### [TASK PROMPT]
Beneath this task are records; print exactly the stretch of them from the line with "Proof. by rewrite /sphere_map" through the line with "suff : norm2 base_point = 1 by [].", both ends included.

### [GIVEN DATA]
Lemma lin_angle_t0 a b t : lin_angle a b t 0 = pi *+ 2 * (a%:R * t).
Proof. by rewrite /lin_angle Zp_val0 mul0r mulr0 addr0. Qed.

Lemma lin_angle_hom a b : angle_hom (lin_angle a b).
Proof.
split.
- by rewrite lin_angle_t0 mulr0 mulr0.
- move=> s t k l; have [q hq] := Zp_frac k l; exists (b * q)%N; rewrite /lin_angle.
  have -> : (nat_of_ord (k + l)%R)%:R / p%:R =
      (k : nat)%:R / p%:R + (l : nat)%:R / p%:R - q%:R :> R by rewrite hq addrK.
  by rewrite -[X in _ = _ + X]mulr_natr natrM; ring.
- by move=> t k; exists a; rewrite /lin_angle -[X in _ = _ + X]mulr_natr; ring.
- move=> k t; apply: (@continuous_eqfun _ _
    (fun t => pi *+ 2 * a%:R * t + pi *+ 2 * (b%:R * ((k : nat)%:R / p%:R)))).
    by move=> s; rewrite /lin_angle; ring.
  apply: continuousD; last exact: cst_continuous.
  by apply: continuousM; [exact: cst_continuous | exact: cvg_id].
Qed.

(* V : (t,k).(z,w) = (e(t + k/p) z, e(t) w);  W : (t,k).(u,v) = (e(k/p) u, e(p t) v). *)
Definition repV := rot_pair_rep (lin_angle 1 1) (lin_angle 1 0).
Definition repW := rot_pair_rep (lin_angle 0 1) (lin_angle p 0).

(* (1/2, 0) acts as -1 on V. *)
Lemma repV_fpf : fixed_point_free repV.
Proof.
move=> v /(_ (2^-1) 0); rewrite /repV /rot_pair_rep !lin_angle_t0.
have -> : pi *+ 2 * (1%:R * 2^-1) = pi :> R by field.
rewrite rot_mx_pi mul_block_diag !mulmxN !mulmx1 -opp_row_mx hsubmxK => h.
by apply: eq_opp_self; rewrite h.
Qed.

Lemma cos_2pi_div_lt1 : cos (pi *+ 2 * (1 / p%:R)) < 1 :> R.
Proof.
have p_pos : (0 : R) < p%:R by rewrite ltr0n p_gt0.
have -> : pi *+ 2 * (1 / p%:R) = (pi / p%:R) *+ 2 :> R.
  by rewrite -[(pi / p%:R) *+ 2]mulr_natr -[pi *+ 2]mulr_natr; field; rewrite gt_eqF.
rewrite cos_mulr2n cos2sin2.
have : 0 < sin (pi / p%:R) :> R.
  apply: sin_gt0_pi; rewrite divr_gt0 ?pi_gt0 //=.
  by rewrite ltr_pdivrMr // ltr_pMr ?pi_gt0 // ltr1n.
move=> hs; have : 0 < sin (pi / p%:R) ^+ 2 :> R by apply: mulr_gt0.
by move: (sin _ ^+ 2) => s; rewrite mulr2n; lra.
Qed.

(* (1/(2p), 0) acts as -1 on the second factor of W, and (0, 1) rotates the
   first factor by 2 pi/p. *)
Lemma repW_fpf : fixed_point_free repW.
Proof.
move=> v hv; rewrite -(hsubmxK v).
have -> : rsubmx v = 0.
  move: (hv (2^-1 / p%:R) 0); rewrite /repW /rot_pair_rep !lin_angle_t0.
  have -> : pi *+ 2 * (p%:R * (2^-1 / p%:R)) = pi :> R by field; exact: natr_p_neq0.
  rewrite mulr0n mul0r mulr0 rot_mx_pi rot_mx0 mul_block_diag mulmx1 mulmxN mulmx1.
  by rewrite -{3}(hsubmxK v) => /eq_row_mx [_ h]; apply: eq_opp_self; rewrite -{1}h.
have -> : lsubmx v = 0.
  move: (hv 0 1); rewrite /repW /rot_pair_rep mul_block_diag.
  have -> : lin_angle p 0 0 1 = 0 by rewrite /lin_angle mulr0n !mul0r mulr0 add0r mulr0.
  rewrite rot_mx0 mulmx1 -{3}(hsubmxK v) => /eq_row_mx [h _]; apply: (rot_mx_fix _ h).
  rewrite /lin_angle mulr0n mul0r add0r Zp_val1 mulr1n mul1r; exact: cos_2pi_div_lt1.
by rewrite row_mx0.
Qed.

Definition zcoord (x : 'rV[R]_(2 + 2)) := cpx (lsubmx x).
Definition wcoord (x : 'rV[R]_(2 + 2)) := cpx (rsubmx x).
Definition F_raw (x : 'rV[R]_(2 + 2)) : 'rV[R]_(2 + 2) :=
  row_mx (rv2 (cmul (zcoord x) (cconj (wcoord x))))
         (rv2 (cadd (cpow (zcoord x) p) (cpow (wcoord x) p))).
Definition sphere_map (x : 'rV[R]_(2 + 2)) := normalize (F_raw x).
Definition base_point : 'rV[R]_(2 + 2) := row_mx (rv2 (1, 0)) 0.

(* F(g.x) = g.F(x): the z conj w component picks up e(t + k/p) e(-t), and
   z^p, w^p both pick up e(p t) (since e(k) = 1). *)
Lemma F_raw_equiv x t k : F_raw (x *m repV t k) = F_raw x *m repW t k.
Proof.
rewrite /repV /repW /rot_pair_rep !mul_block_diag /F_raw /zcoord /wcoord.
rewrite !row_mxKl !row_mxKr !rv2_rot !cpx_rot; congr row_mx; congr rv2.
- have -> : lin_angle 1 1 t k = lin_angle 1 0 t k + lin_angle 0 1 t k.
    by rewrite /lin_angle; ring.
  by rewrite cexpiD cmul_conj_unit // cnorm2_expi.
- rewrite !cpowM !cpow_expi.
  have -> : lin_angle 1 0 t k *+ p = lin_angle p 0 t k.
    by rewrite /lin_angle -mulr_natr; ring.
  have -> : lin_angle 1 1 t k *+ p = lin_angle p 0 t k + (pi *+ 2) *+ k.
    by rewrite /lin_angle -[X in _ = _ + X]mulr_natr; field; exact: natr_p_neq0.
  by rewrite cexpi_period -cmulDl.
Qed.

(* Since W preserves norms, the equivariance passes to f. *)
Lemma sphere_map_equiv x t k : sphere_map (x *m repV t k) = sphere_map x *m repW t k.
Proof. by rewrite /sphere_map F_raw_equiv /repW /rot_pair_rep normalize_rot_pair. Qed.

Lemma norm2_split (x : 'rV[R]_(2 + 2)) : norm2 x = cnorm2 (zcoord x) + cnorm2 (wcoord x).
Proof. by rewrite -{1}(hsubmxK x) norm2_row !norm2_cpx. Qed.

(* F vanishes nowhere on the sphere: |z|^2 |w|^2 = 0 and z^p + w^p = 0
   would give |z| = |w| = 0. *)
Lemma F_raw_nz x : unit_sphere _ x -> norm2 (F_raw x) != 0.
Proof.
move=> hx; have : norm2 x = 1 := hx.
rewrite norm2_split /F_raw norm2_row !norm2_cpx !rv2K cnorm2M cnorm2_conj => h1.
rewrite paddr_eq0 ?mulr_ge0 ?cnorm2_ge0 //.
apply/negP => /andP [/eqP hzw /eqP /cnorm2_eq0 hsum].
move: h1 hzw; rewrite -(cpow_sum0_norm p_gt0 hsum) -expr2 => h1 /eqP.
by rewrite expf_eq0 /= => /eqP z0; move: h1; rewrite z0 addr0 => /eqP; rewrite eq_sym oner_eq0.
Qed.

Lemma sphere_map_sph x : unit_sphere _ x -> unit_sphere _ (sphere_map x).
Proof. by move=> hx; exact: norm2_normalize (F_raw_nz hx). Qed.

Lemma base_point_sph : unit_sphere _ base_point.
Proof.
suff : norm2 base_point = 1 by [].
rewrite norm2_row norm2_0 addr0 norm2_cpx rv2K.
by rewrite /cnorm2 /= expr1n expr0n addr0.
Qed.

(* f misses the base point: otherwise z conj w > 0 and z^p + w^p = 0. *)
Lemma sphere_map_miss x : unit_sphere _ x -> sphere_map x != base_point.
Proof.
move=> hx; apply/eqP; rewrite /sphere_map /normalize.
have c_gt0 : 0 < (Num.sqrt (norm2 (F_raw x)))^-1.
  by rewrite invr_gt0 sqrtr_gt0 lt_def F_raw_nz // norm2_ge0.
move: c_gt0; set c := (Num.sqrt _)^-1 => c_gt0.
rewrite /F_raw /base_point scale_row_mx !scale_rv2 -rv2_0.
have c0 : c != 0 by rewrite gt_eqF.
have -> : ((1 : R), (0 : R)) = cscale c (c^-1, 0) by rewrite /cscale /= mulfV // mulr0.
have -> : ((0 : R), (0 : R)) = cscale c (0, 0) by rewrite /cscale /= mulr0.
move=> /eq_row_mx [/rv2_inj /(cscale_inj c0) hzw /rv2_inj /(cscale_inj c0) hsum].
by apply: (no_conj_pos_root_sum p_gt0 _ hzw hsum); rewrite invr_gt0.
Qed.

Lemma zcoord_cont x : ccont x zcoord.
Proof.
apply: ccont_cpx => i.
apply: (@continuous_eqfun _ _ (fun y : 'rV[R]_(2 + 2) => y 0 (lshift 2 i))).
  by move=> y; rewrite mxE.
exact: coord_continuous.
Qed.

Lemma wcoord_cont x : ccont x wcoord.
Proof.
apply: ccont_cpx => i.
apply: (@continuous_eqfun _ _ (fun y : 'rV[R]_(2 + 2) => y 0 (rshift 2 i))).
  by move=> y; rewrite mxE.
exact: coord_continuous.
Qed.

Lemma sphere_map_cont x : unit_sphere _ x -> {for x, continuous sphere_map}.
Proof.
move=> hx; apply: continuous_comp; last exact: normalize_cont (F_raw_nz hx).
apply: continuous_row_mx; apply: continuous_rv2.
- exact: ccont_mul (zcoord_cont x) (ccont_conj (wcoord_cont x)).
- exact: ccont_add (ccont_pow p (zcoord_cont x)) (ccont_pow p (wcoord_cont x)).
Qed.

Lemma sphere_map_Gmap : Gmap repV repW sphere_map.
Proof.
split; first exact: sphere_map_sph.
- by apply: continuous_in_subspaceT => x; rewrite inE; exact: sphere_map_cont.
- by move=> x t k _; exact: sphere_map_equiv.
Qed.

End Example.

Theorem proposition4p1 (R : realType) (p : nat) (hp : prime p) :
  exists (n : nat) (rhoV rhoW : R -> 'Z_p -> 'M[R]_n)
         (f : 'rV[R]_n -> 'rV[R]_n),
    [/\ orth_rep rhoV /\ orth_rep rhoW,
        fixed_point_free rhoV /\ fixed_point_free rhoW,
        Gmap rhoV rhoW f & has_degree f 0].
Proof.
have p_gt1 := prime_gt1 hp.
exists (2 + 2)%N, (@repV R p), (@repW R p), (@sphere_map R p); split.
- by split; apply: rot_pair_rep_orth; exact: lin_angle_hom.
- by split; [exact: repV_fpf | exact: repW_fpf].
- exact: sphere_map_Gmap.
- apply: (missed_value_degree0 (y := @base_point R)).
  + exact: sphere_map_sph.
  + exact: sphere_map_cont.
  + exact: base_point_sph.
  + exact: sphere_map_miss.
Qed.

### [RESPONSE FOR THIS EXERCISE]
Proof. by rewrite /sphere_map F_raw_equiv /repW /rot_pair_rep normalize_rot_pair. Qed.

Lemma norm2_split (x : 'rV[R]_(2 + 2)) : norm2 x = cnorm2 (zcoord x) + cnorm2 (wcoord x).
Proof. by rewrite -{1}(hsubmxK x) norm2_row !norm2_cpx. Qed.

(* F vanishes nowhere on the sphere: |z|^2 |w|^2 = 0 and z^p + w^p = 0
   would give |z| = |w| = 0. *)
Lemma F_raw_nz x : unit_sphere _ x -> norm2 (F_raw x) != 0.
Proof.
move=> hx; have : norm2 x = 1 := hx.
rewrite norm2_split /F_raw norm2_row !norm2_cpx !rv2K cnorm2M cnorm2_conj => h1.
rewrite paddr_eq0 ?mulr_ge0 ?cnorm2_ge0 //.
apply/negP => /andP [/eqP hzw /eqP /cnorm2_eq0 hsum].
move: h1 hzw; rewrite -(cpow_sum0_norm p_gt0 hsum) -expr2 => h1 /eqP.
by rewrite expf_eq0 /= => /eqP z0; move: h1; rewrite z0 addr0 => /eqP; rewrite eq_sym oner_eq0.
Qed.

Lemma sphere_map_sph x : unit_sphere _ x -> unit_sphere _ (sphere_map x).
Proof. by move=> hx; exact: norm2_normalize (F_raw_nz hx). Qed.

Lemma base_point_sph : unit_sphere _ base_point.
Proof.
suff : norm2 base_point = 1 by [].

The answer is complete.